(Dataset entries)
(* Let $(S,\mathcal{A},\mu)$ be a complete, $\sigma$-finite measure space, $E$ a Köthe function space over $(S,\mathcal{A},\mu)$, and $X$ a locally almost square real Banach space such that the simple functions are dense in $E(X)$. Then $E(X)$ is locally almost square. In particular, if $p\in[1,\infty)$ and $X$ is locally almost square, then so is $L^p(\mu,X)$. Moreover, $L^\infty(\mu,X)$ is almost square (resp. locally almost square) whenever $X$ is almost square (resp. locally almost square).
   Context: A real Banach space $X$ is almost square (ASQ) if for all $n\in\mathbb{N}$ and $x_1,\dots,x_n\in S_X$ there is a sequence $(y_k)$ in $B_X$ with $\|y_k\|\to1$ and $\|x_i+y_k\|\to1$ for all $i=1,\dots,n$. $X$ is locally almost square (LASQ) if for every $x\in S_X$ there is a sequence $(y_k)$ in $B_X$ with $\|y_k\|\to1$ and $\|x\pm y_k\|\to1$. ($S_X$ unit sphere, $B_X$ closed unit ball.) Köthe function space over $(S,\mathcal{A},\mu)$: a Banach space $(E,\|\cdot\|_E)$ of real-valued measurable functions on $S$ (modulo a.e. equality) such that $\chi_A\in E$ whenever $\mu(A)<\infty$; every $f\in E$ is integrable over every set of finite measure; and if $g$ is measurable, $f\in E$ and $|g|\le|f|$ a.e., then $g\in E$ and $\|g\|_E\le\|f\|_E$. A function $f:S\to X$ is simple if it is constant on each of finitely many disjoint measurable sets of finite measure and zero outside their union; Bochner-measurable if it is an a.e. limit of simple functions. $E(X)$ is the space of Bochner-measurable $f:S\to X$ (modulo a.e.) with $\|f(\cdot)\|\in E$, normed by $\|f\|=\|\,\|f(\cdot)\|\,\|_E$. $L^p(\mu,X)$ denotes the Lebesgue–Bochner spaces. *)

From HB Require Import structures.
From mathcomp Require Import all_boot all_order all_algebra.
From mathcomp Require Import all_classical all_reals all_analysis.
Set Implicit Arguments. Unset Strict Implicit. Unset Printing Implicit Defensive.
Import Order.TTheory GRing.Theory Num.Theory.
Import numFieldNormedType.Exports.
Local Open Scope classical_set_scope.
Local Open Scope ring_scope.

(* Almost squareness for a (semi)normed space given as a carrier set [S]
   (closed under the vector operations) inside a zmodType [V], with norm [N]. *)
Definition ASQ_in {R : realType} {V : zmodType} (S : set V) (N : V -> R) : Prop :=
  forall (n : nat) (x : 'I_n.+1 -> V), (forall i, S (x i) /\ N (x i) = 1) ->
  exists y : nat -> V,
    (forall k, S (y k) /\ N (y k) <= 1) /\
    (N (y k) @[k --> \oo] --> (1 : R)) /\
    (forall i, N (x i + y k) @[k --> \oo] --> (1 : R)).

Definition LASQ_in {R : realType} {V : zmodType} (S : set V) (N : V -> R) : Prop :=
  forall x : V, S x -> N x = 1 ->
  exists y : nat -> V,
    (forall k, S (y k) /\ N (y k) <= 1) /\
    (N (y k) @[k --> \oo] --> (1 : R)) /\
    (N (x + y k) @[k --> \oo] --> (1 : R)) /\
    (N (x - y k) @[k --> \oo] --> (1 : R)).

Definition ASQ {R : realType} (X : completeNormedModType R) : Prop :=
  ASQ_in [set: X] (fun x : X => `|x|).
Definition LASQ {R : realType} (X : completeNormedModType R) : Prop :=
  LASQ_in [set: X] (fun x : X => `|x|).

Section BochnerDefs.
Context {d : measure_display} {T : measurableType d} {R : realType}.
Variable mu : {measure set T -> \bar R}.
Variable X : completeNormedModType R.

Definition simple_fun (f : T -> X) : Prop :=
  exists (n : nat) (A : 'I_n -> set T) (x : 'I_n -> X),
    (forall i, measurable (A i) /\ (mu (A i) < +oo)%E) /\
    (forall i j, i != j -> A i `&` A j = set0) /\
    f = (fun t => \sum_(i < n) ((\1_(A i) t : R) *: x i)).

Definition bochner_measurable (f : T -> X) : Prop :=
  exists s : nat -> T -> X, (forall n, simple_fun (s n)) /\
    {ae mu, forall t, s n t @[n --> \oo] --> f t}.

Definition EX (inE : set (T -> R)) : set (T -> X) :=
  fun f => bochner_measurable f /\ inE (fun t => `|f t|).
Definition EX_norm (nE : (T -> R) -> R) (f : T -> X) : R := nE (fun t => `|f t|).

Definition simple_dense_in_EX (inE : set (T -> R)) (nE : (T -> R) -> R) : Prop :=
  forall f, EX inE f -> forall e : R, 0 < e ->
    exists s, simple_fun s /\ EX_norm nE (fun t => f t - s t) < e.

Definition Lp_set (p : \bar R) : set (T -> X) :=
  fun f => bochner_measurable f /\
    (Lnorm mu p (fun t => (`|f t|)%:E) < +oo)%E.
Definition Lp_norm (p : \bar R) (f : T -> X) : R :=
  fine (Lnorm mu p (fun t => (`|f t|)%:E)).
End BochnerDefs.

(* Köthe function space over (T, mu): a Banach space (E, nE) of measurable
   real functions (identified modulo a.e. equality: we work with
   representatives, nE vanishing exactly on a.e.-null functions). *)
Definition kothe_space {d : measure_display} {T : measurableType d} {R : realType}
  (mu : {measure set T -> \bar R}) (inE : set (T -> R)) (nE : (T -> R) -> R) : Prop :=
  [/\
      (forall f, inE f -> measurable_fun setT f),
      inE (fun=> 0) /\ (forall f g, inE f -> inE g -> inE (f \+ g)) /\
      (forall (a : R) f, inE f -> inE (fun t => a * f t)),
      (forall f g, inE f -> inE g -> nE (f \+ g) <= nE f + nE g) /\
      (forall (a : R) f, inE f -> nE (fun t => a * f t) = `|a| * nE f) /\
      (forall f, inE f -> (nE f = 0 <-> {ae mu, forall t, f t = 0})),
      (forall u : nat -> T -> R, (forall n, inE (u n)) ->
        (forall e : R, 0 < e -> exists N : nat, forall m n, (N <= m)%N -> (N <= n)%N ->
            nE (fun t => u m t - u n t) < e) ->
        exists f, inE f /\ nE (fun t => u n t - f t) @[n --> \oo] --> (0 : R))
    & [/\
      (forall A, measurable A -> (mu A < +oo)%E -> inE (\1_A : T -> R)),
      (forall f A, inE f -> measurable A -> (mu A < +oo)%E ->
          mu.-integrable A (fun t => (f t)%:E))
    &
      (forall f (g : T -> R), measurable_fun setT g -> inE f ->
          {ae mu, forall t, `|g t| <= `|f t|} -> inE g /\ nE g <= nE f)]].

• [Problem details] Every line above carrying the word "exists" needs to be shown.

• [Task response]
  exists y : nat -> V,
  exists y : nat -> V,
  exists (n : nat) (A : 'I_n -> set T) (x : 'I_n -> X),
  exists s : nat -> T -> X, (forall n, simple_fun (s n)) /\
    exists s, simple_fun s /\ EX_norm nE (fun t => f t - s t) < e.
        (forall e : R, 0 < e -> exists N : nat, forall m n, (N <= m)%N -> (N <= n)%N ->
        exists f, inE f /\ nE (fun t => u n t - f t) @[n --> \oo] --> (0 : R))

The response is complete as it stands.